• Your instructions: Find the line with "destruct (Rle_dec m" in the entries below. Repeat it, every following line, and the line with "2 by (field; lra).", exactly and with nothing added.

• Information shown:
(* Write p = alpha / beta > 1.  The reflection x |-> (1, 1) - x exchanges the two flows and
   preserves Gamma, so it is enough to follow Phi_0^t x = (F^p x1, F x2) with F = exp (- beta t).
   The lower boundary x1 = x2^p of Gamma is mapped into itself, and the upper one is pushed
   inwards by the convexity of u |-> u^p: (1 - F x2)^p <= (1 - F) + F (1 - x2)^p.  The interior
   is preserved because every Phi_i^t is a homeomorphism with a Lipschitz inverse.
   For reachability, first flow with Phi_1 until x is close to the sink (1, 1).  From there the
   Phi_0-orbit passes to the left of z, while the Phi_1-orbit through z, followed backwards
   towards x2 = 0, leaves the half-plane x1 >= 0 because 1 - z1 > (1 - z2)^p; by the
   intermediate value theorem the two orbits cross, and x reaches z along Phi_1, Phi_0, Phi_1. *)

From Stdlib Require Import Reals List Lra Psatz.
From Coquelicot Require Import Coquelicot.
Open Scope R_scope.

Lemma exp_le_1 x : x <= 0 -> exp x <= 1.
Proof.
  intros [Hx|Hx]; [left; rewrite <- exp_0; apply exp_increasing; lra|].
  rewrite Hx, exp_0. lra.
Qed.

Lemma Rpower_base_1 p : Rpower 1 p = 1.
Proof. unfold Rpower. rewrite ln_1, Rmult_0_r. apply exp_0. Qed.

Lemma Rpower_exp u p : Rpower (exp u) p = exp (p * u).
Proof. unfold Rpower. rewrite ln_exp. reflexivity. Qed.

Lemma Rpower_pos x p : 0 < Rpower x p.
Proof. apply exp_pos. Qed.

Lemma Rpower_root x p : 0 < x -> 0 < p -> Rpower (Rpower x (/ p)) p = x.
Proof. intros. rewrite Rpower_mult, Rinv_l by lra. apply Rpower_1; lra. Qed.

Lemma Rpower_le_1 x p : 0 <= p -> 0 < x <= 1 -> Rpower x p <= 1.
Proof. intros. rewrite <- (Rpower_base_1 p). apply Rle_Rpower_l; lra. Qed.

Lemma Rpower_le_base x p : 1 <= p -> 0 < x <= 1 -> Rpower x p <= x.
Proof.
  intros Hp Hx. replace p with (1 + (p - 1)) by ring.
  rewrite Rpower_plus, Rpower_1 by lra.
  pose proof (Rpower_le_1 x (p - 1) ltac:(lra) Hx). nra.
Qed.

Lemma Rpower_bernoulli p r : 1 <= p -> 0 < r -> 1 + p * (r - 1) <= Rpower r p.
Proof.
  intros Hp Hr.
  set (f := fun u => Rpower u p - p * u).
  assert (Hf : forall c, 0 < c -> derivable_pt_lim f c (p * (Rpower c (p - 1) - 1))).
  { intros c Hc. replace (p * (Rpower c (p - 1) - 1)) with (p * Rpower c (p - 1) - p * 1) by ring.
    apply derivable_pt_lim_minus; [apply derivable_pt_lim_power; lra|].
    apply derivable_pt_lim_scal, derivable_pt_lim_id. }
  assert (Hsign : forall c, 0 < c -> 0 <= (Rpower c (p - 1) - 1) * (c - 1)).
  { intros c Hc. pose proof (Rpower_base_1 (p - 1)).
    destruct (Rle_dec c 1).
    - assert (Rpower c (p - 1) <= Rpower 1 (p - 1)) by (apply Rle_Rpower_l; lra). nra.
    - assert (Rpower 1 (p - 1) <= Rpower c (p - 1)) by (apply Rle_Rpower_l; lra). nra. }
  assert (Hf1 : f 1 = 1 - p) by (unfold f; rewrite Rpower_base_1; ring).
  enough (f 1 <= f r) by (unfold f in *; lra).
  destruct (Rtotal_order r 1) as [Hlt|[->|Hgt]]; [| lra |].
  - destruct (MVT_cor2 f _ r 1 Hlt (fun c Hc => Hf c (Rlt_le_trans _ _ _ Hr (proj1 Hc))))
      as [c [Hc1 [Hrc Hc]]].
    specialize (Hsign c ltac:(lra)).
    assert (Rpower c (p - 1) - 1 <= 0) by nra.
    assert (0 <= p * (1 - Rpower c (p - 1)) * (1 - r))
      by (apply Rmult_le_pos; [apply Rmult_le_pos|]; lra).
    lra.
  - destruct (MVT_cor2 f _ 1 r Hgt (fun c Hc => Hf c (Rlt_le_trans _ _ _ Rlt_0_1 (proj1 Hc))))
      as [c [Hc1 [Hc Hcr]]].
    specialize (Hsign c ltac:(lra)).
    assert (0 <= Rpower c (p - 1) - 1) by nra.
    assert (0 <= p * (Rpower c (p - 1) - 1) * (r - 1))
      by (apply Rmult_le_pos; [apply Rmult_le_pos|]; lra).
    lra.
Qed.

Lemma rpow_Rpower x p : 0 < x -> rpow x p = Rpower x p.
Proof. intros. unfold rpow. destruct (Rle_dec x 0); [lra|reflexivity]. Qed.

Lemma rpow_nonpos x p : x <= 0 -> rpow x p = 0.
Proof. intros. unfold rpow. destruct (Rle_dec x 0); [reflexivity|lra]. Qed.

Lemma rpow_ge0 x p : 0 <= rpow x p.
Proof. unfold rpow. destruct (Rle_dec x 0); [lra|]. left; apply Rpower_pos. Qed.

Lemma rpow_1 p : rpow 1 p = 1.
Proof. rewrite rpow_Rpower by lra. apply Rpower_base_1. Qed.

Lemma rpow_mult x y p : 0 <= x -> 0 <= y -> rpow (x * y) p = rpow x p * rpow y p.
Proof.
  intros [Hx|<-] [Hy|<-]; try (rewrite ?Rmult_0_l, ?Rmult_0_r, rpow_nonpos by lra; ring).
  rewrite !rpow_Rpower by nra. symmetry. apply Rpower_mult_distr; lra.
Qed.

Lemma rpow_bernoulli p r : 1 <= p -> 0 <= r -> 1 + p * (r - 1) <= rpow r p.
Proof.
  intros Hp [Hr|<-].
  - rewrite rpow_Rpower by lra. apply Rpower_bernoulli; lra.
  - rewrite rpow_nonpos by lra. lra.
Qed.

Lemma rpow_convex p l x y : 1 <= p -> 0 <= l <= 1 -> 0 <= x -> 0 <= y ->
  rpow (l * x + (1 - l) * y) p <= l * rpow x p + (1 - l) * rpow y p.
Proof.
  intros Hp Hl Hx Hy. pose proof (rpow_ge0 x p). pose proof (rpow_ge0 y p).
  set (m := l * x + (1 - l) * y).
  destruct (Rle_dec m 0). { rewrite rpow_nonpos by lra. nra. }
  (* the tangent line of [rpow _ p] at [m], i.e. Bernoulli at [u / m] *)
  assert (Htangent : forall u, 0 <= u -> rpow m p * (1 + p * (u / m - 1)) <= rpow u p).
  { intros u Hu. replace u with (u / m * m) at 2 by (field; lra).
    rewrite rpow_mult by (unfold Rdiv; try apply Rmult_le_pos; try apply Rlt_le, Rinv_0_lt_compat; lra).
    rewrite Rmult_comm. apply Rmult_le_compat_r; [apply rpow_ge0|].
    apply rpow_bernoulli; [lra|]. apply Rdiv_le_0_compat; lra. }
  pose proof (Htangent x Hx) as Tx. pose proof (Htangent y Hy) as Ty.
  assert (Hsum : l * (1 + p * (x / m - 1)) + (1 - l) * (1 + p * (y / m - 1)) = 1)
    by (unfold m in *; field; lra).
  assert (rpow m p = l * (rpow m p * (1 + p * (x / m - 1)))
                     + (1 - l) * (rpow m p * (1 + p * (y / m - 1)))).
  { transitivity (rpow m p * 1); [ring|]. rewrite <- Hsum at 1. ring. }
  nra.
Qed.

Definition edist (x y : pt) : R := sqrt ((fst y - fst x) ^ 2 + (snd y - snd x) ^ 2).

Lemma Rabs_fst_le_edist x y : Rabs (fst y - fst x) <= edist x y.
Proof.
  unfold edist. rewrite <- (sqrt_pow2 (Rabs _)) by apply Rabs_pos. apply sqrt_le_1_alt.
  rewrite pow2_abs. pose proof (pow2_ge_0 (snd y - snd x)). lra.
Qed.

Lemma Rabs_snd_le_edist x y : Rabs (snd y - snd x) <= edist x y.
Proof.
  unfold edist. rewrite <- (sqrt_pow2 (Rabs _)) by apply Rabs_pos. apply sqrt_le_1_alt.
  rewrite pow2_abs. pose proof (pow2_ge_0 (fst y - fst x)). lra.
Qed.

Lemma edist_fst_shift a b h : edist (a, b) (a + h, b) = Rabs h.
Proof.
  unfold edist; cbn [fst snd]. replace ((a + h - a) ^ 2 + (b - b) ^ 2) with (Rabs h ^ 2)
    by (rewrite pow2_abs; ring). apply sqrt_pow2, Rabs_pos.
Qed.

Lemma edist_snd_shift a b h : edist (a, b) (a, b + h) = Rabs h.
Proof.
  unfold edist; cbn [fst snd]. replace ((a - a) ^ 2 + (b + h - b) ^ 2) with (Rabs h ^ 2)
    by (rewrite pow2_abs; ring). apply sqrt_pow2, Rabs_pos.
Qed.

Lemma interior2_subset S x : interior2 S x -> S x.
Proof.
  intros [eps [Heps Hball]]. apply Hball.
  rewrite !Rminus_diag, pow_i, Rplus_0_l, sqrt_0 by lia. exact Heps.
Qed.

Lemma interior2_image (S : pt -> Prop) (f g : pt -> pt) c z : 0 < c ->
  (forall y, S y -> S (f y)) -> (forall y, f (g y) = y) -> g (f z) = z ->
  (forall y y', edist (g y) (g y') <= c * edist y y') ->
  interior2 S z -> interior2 S (f z).
Proof.
  intros Hc HfS Hfg Hgf Hg [eps [Heps Hball]].
  exists (eps / c). split; [apply Rdiv_lt_0_compat; lra|].
  intros y Hy. rewrite <- (Hfg y). apply HfS, Hball.
  fold (edist z (g y)). rewrite <- Hgf at 1.
  apply (Rle_lt_trans _ _ _ (Hg _ _)).
  fold (edist (f z) y) in Hy. apply (Rmult_lt_compat_l c) in Hy; [|lra].
  replace (c * (eps / c)) with eps in Hy by (field; lra). exact Hy.
Qed.

Lemma pos_invariant_of_Phi alpha beta (S : pt -> Prop) :
  (exists x, S x) -> (forall i t y, 0 < t -> S y -> S (Phi alpha beta i t y)) ->
  pos_invariant alpha beta S.
Proof.
  intros Hne HS. split; [exact Hne|]. intros y Hy x [i [ts [_ [Hts ->]]]].
  unfold multiflow. apply Forall_rev in Hts. revert i.
  induction Hts as [|t ts' Ht _ IH]; intros i; [exact Hy|]. apply HS; auto.
Qed.

Lemma Phi_add alpha beta i s t y :
  Phi alpha beta i s (Phi alpha beta i t y) = Phi alpha beta i (s + t) y.
Proof.
  unfold Phi; cbn [fst snd].
  replace (- alpha * (s + t)) with (- alpha * t + - alpha * s) by ring.
  replace (- beta * (s + t)) with (- beta * t + - beta * s) by ring.
  rewrite !exp_plus. f_equal; ring.
Qed.

Lemma Phi_opp alpha beta i t y : Phi alpha beta i t (Phi alpha beta i (- t) y) = y.
Proof.
  rewrite Phi_add, Rplus_opp_r. unfold Phi. rewrite !Rmult_0_r, exp_0.
  destruct y; cbn [fst snd]. f_equal; ring.
Qed.

Definition flip (x : pt) : pt := (1 - fst x, 1 - snd x).

Lemma Phi_true_flip alpha beta t x :
  Phi alpha beta true t x = flip (Phi alpha beta false t (flip x)).
Proof. unfold Phi, flip, idx; cbn [fst snd]. f_equal; ring. Qed.

Lemma Gamma_flip alpha beta x : Gamma alpha beta x -> Gamma alpha beta (flip x).
Proof. unfold Gamma, flip; cbn [fst snd]. replace (1 - (1 - snd x)) with (snd x) by ring. lra. Qed.

Section Flows.

Variables alpha beta : R.
Hypothesis Hbeta : 0 < beta.
Hypothesis Hab : beta < alpha.

Local Notation p := (alpha / beta).

Lemma rate_ratio_gt1 : 1 < p.
Proof. apply (Rmult_lt_reg_r beta); [lra|]. field_simplify; lra. Qed.

Lemma exp_alpha_rpow t : exp (- alpha * t) = rpow (exp (- beta * t)) p.
Proof.
  rewrite rpow_Rpower, Rpower_exp by apply exp_pos. f_equal. field. lra.
Qed.

Lemma Gamma_Phi_false t x : 0 <= t -> Gamma alpha beta x -> Gamma alpha beta (Phi alpha beta false t x).
Proof.
  intros Ht. pose proof rate_ratio_gt1. destruct x as [x1 x2]. unfold Gamma, Phi, idx; cbn [fst snd].
  rewrite exp_alpha_rpow, !Rplus_0_l, !Rminus_0_r.
  set (F := exp (- beta * t)).
  assert (HF : 0 < F <= 1) by (split; [apply exp_pos|apply exp_le_1; nra]).
  assert (HE : rpow F p <= F).
  { rewrite rpow_Rpower by lra. apply Rpower_le_base; lra. }
  intros [[H1 H2] [H3 H4]].
  pose proof (rpow_ge0 x2 p). pose proof (rpow_ge0 F p). pose proof (rpow_ge0 (1 - x2) p).
  pose proof (rpow_convex p F (1 - x2) 1 ltac:(lra) ltac:(lra) ltac:(lra) ltac:(lra)) as Hconv.
  rewrite rpow_1 in Hconv. replace (F * (1 - x2) + (1 - F) * 1) with (1 - x2 * F) in Hconv by ring.
  rewrite rpow_mult by lra.
  split; [split; nra|split; nra].
Qed.

Lemma Gamma_Phi i t x : 0 <= t -> Gamma alpha beta x -> Gamma alpha beta (Phi alpha beta i t x).
Proof.
  intros Ht Hx. destruct i.
  - rewrite Phi_true_flip. apply Gamma_flip, Gamma_Phi_false, Gamma_flip; assumption.
  - apply Gamma_Phi_false; assumption.
Qed.

Lemma edist_Phi_le i t y z : t <= 0 ->
  edist (Phi alpha beta i t y) (Phi alpha beta i t z) <= exp (- alpha * t) * edist y z.
Proof.
  intros Ht. unfold edist, Phi; cbn [fst snd].
  set (A := exp (- alpha * t)). set (B := exp (- beta * t)).
  assert (HBA : 0 < B <= A).
  { split; [apply exp_pos|]. destruct (Req_dec t 0) as [->|].
    - unfold A, B. rewrite !Rmult_0_r. lra.
    - left. apply exp_increasing. nra. }
  set (D := (fst z - fst y) ^ 2 + (snd z - snd y) ^ 2).
  assert (HD : 0 <= D)
    by (unfold D; pose proof (pow2_ge_0 (fst z - fst y)); pose proof (pow2_ge_0 (snd z - snd y)); lra).
  replace (A * sqrt D) with (sqrt (A ^ 2 * D))
    by (rewrite sqrt_mult, sqrt_pow2 by (try apply pow2_ge_0; lra); reflexivity).
  apply sqrt_le_1_alt. unfold D.
  replace (idx i + (fst z - idx i) * A - (idx i + (fst y - idx i) * A))
    with ((fst z - fst y) * A) by ring.
  replace (idx i + (snd z - idx i) * B - (idx i + (snd y - idx i) * B))
    with ((snd z - snd y) * B) by ring.
  assert (B ^ 2 <= A ^ 2) by nra. pose proof (pow2_ge_0 (snd z - snd y)). nra.
Qed.

Lemma Gamma_int_Phi i t z : 0 <= t ->
  Gamma_int alpha beta z -> Gamma_int alpha beta (Phi alpha beta i t z).
Proof.
  intros Ht. apply (interior2_image _ _ (Phi alpha beta i (- t)) (exp (alpha * t))).
  - apply exp_pos.
  - intros y. apply Gamma_Phi, Ht.
  - intros y. apply Phi_opp.
  - rewrite <- (Ropp_involutive t) at 2. apply Phi_opp.
  - intros y y'. replace (alpha * t) with (- alpha * - t) by ring. apply edist_Phi_le. lra.
Qed.

Lemma rpow_le_mul y q : 0 < y <= q -> rpow y p <= y * Rpower q (p - 1).
Proof.
  intros Hy. pose proof rate_ratio_gt1. rewrite rpow_Rpower by lra.
  replace p with (1 + (p - 1)) at 1 by ring. rewrite Rpower_plus, Rpower_1 by lra.
  apply Rmult_le_compat_l; [lra|]. apply Rle_Rpower_l; lra.
Qed.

• Completed task:
  destruct (Rle_dec m 0). { rewrite rpow_nonpos by lra. nra. }
  (* the tangent line of [rpow _ p] at [m], i.e. Bernoulli at [u / m] *)
  assert (Htangent : forall u, 0 <= u -> rpow m p * (1 + p * (u / m - 1)) <= rpow u p).
  { intros u Hu. replace u with (u / m * m) at 2 by (field; lra).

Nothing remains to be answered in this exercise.